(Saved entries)
◆ ◆ ◆
Lemma divide_lcm_coprime_split (a b d x : Z) : 0 < a -> 0 < x -> (a | Z.lcm b d) ->
  exists a1 a2 x1 x2, a = a1 * a2 /\ x = x1 * x2 /\ (a1 | b) /\ (a2 | d) /\
    0 < a1 * x1 /\ 0 < a2 * x2 /\ rel_prime (a1 * x1) (a2 * x2).
Proof.
  intros Ha Hx Hdiv.
  (* Split a and x into their parts coprime to w := d / gcd(b, d) and supported on the
     primes of w; the former divides b and the latter divides d. *)
  set (h := Z.gcd b d). set (w := d / h).
  destruct (coprime_power_split w a Ha) as (a1 & a2 & k & Ea & Ha1 & Hk & Ha1w & Ha2w).
  destruct (coprime_power_split w x Hx) as (x1 & x2 & l & Ex & Hx1 & Hl & Hx1w & Hx2w).
  exists a1, a2, x1, x2.
  assert (Hdvd : (a1 | b) /\ (a2 | d)).
  { destruct (Z.eq_dec h 0) as [H0|H0].
    { apply Z.gcd_eq_0 in H0 as [-> ->]. split; apply Z.divide_0_r. }
    destruct (Z.gcd_divide_l b d) as [bh Hbh]. destruct (Z.gcd_divide_r b d) as [dh Hdh].
    fold h in Hbh, Hdh.
    assert (Hw : w = dh) by (unfold w; rewrite Hdh; apply Z.div_mul, H0).
    assert (Hcop : rel_prime bh w).
    { apply Zgcd_1_rel_prime. rewrite Hw.
      rewrite <- (Z.div_mul bh h), <- (Z.div_mul dh h), <- Hbh, <- Hdh by exact H0.
      apply Z.gcd_div_gcd; [exact H0|reflexivity]. }
    assert (Hlcm : (a | b * w) /\ (a | bh * d)).
    { unfold Z.lcm in Hdiv. fold h w in Hdiv. rewrite Z.divide_abs_r in Hdiv.
      split; [exact Hdiv|]. rewrite Hdh.
      replace (bh * (dh * h)) with (b * dh) by (rewrite Hbh; ring).
      rewrite <- Hw. exact Hdiv. }
    destruct Hlcm as [Hbw Hbhd]. split.
    - apply Z.gauss with w.
      + apply Z.divide_trans with a; [exists a2; lia|]. now rewrite Z.mul_comm.
      + now apply Zgcd_1_rel_prime.
    - apply Z.gauss with bh.
      + apply Z.divide_trans with a; [exists a1; lia|exact Hbhd].
      + apply Zgcd_1_rel_prime, (rel_prime_div (w ^ k)); [|exact Ha2w].
        apply rel_prime_sym, rel_prime_Zpower_r; [exact Hk|exact Hcop]. }
  assert (Ha2 : 0 < a2) by nia. assert (Hx2 : 0 < x2) by nia.
  split; [lia|split; [lia|split; [tauto|split; [tauto|split; [nia|split; [nia|]]]]]].
  apply rel_prime_sym, (rel_prime_div (w ^ (k + l))).
  - apply rel_prime_sym, rel_prime_Zpower_r; [lia|].
    apply rel_prime_sym, rel_prime_mult; apply rel_prime_sym; assumption.
  - rewrite Z.pow_add_r by lia.
    apply divide_mul_mono; assumption.
Qed.

Lemma rel_prime_residues_0_minus1 (m1 m2 X : Z) : 0 < m1 -> 0 < m2 -> rel_prime m1 m2 ->
  exists s, X <= s /\ (m1 | s) /\ (m2 | s + 1).
Proof.
  intros H1 H2 Hcop. destruct (rel_prime_bezout _ _ Hcop) as [u v Huv].
  remember (Z.abs X + Z.abs (u * m1)) as T eqn:HT.
  assert (1 <= m1 * m2) by nia.
  assert (T <= m1 * m2 * T) by (assert (0 <= T) by lia; nia).
  exists (m1 * m2 * T - u * m1). split; [lia|split].
  - exists (m2 * T - u). ring.
  - exists (m1 * T + v). rewrite <- Huv. ring.
Qed.

Lemma exists_shift_residues (a b d N X : Z) : 0 < a -> 0 < N -> (a | Z.lcm b d) ->
  exists s, X <= s /\ (N | s * (s + 1)) /\ (a | (d - b) * s - b).
Proof.
  intros Ha HN Hdiv.
  destruct (divide_lcm_coprime_split a b d N Ha HN Hdiv)
    as (a1 & a2 & N1 & N2 & -> & -> & Hb & Hd & H1 & H2 & Hcop).
  destruct (rel_prime_residues_0_minus1 _ _ X H1 H2 Hcop) as (s & HX & Hs & Hs1).
  exists s. split; [exact HX|split].
  - apply divide_mul_mono; eapply Z.divide_trans; [|exact Hs| |exact Hs1];
      apply Z.divide_factor_r.
  - apply rel_prime_mul_divide.
    + pose proof (rel_prime_div _ _ _ Hcop (Z.divide_factor_l a1 N1)) as Ha1.
      apply rel_prime_sym, (rel_prime_div _ _ _ (rel_prime_sym _ _ Ha1)), Z.divide_factor_l.
    + apply Z.divide_sub_r; [|exact Hb].
      apply Z.divide_mul_r, Z.divide_trans with (a1 * N1); [apply Z.divide_factor_l|exact Hs].
    + replace ((d - b) * s - b) with ((d - b) * (s + 1) - d) by ring.
      apply Z.divide_sub_r; [|exact Hd].
      apply Z.divide_mul_r, Z.divide_trans with (a2 * N2); [apply Z.divide_factor_l|exact Hs1].
Qed.

Fixpoint prod_upto (t : nat -> Z) (K : nat) : Z :=
  match K with O => 1 | S K' => prod_upto t K' * t K' end.

Lemma prod_upto_pos (t : nat -> Z) (K : nat) : (forall i, 1 <= t i) -> 1 <= prod_upto t K.
Proof. intros Ht. induction K as [|K IH]; simpl; [lia|]. specialize (Ht K). nia. Qed.

Lemma divide_prod_upto (t : nat -> Z) (K i : nat) : (i < K)%nat -> (t i | prod_upto t K).
Proof.
  induction K as [|K IH]; simpl; intros Hi; [lia|].
  destruct (Nat.eq_dec i K) as [->|Hne].
  - apply Z.divide_factor_r.
  - apply Z.divide_mul_l, IH. lia.
Qed.

Lemma divisor_chain (a : Z) (K : nat) : 0 < a -> exists t : nat -> Z,
  (forall i, 1 <= t i) /\
  (forall i j, (i < j < K)%nat -> t i < t j /\ (a * (t j - t i) | t i)).
Proof.
  intros Ha. induction K as [|K [t [Ht Hchain]]].
  { exists (fun _ => 1). split; intros; lia. }
  set (L := a * prod_upto t K).
  assert (HL : 1 <= L) by (pose proof (prod_upto_pos t K Ht); unfold L; nia).
  exists (fun i => match i with O => L | S i => L + t i end). split.
  - intros [|i]; [exact HL|]. specialize (Ht i). lia.
  - intros [|i] [|j] Hij; try lia.
    + split; [specialize (Ht j); lia|].
      replace (L + t j - L) with (t j) by ring.
      apply Z.mul_divide_mono_l, divide_prod_upto. lia.
    + destruct (Hchain i j ltac:(lia)) as [Hlt Hdiv]. split; [lia|].
      replace (L + t j - (L + t i)) with (t j - t i) by ring.
      apply Z.divide_add_r; [|exact Hdiv].
      apply Z.mul_divide_mono_l, Z.divide_trans with (t j); [|apply divide_prod_upto; lia].
      replace (t j) with (t i + (t j - t i)) at 2 by ring.
      apply Z.divide_add_r; [|apply Z.divide_refl].
      apply Z.divide_trans with (a * (t j - t i)); [apply Z.divide_factor_r|exact Hdiv].
Qed.

Lemma collision_identities (a b d s x y : Z) : 0 < a -> 0 <= s -> b < d -> 1 <= x < y ->
  (a * (y - x) | x) -> (x | s * (s + 1)) -> (a | (d - b) * s - b) ->
  exists P, (a | P - b) /\ s <= P /\
    P * (y - x) = (d - b) * (x + s) * (y + s + 1) /\
    (P + (d - b)) * (y - x) = (d - b) * (y + s) * (x + s + 1).
Proof.
  intros Ha Hs Hbd Hxy Hx Hss Hres.
  assert (Hk : (a * (y - x) | (x + s) * (x + s + 1))).
  { replace ((x + s) * (x + s + 1)) with (x * (x + 2 * s + 1) + s * (s + 1)) by ring.
    apply Z.divide_add_r; [now apply Z.divide_mul_l|].
    now apply Z.divide_trans with x. }
  destruct Hk as [k Hk].
  assert (Hk0 : 0 <= k) by nia.
  exists ((d - b) * (a * k + x + s)). split; [|split; [nia|split]].
  - replace ((d - b) * (a * k + x + s) - b)
      with (a * ((d - b) * k) + (d - b) * x + ((d - b) * s - b)) by ring.
    apply Z.divide_add_r; [apply Z.divide_add_r|exact Hres].
    + apply Z.divide_factor_l.
    + apply Z.divide_mul_r, Z.divide_trans with (a * (y - x)); [apply Z.divide_factor_l|exact Hx].
  - transitivity ((d - b) * (k * (a * (y - x)) + (x + s) * (y - x))); [ring|].
    rewrite <- Hk. ring.
  - transitivity ((d - b) * (k * (a * (y - x)) + (x + s) * (y - x) + (y - x))); [ring|].
    rewrite <- Hk. ring.
Qed.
◆ ◆ ◆
WHAT IS REQUIRED - Looking over the records, find each line with the word "Hlcm" and copy it.

SOLUTION TO THIS TASK -
    assert (Hlcm : (a | b * w) /\ (a | bh * d)).
    destruct Hlcm as [Hbw Hbhd]. split.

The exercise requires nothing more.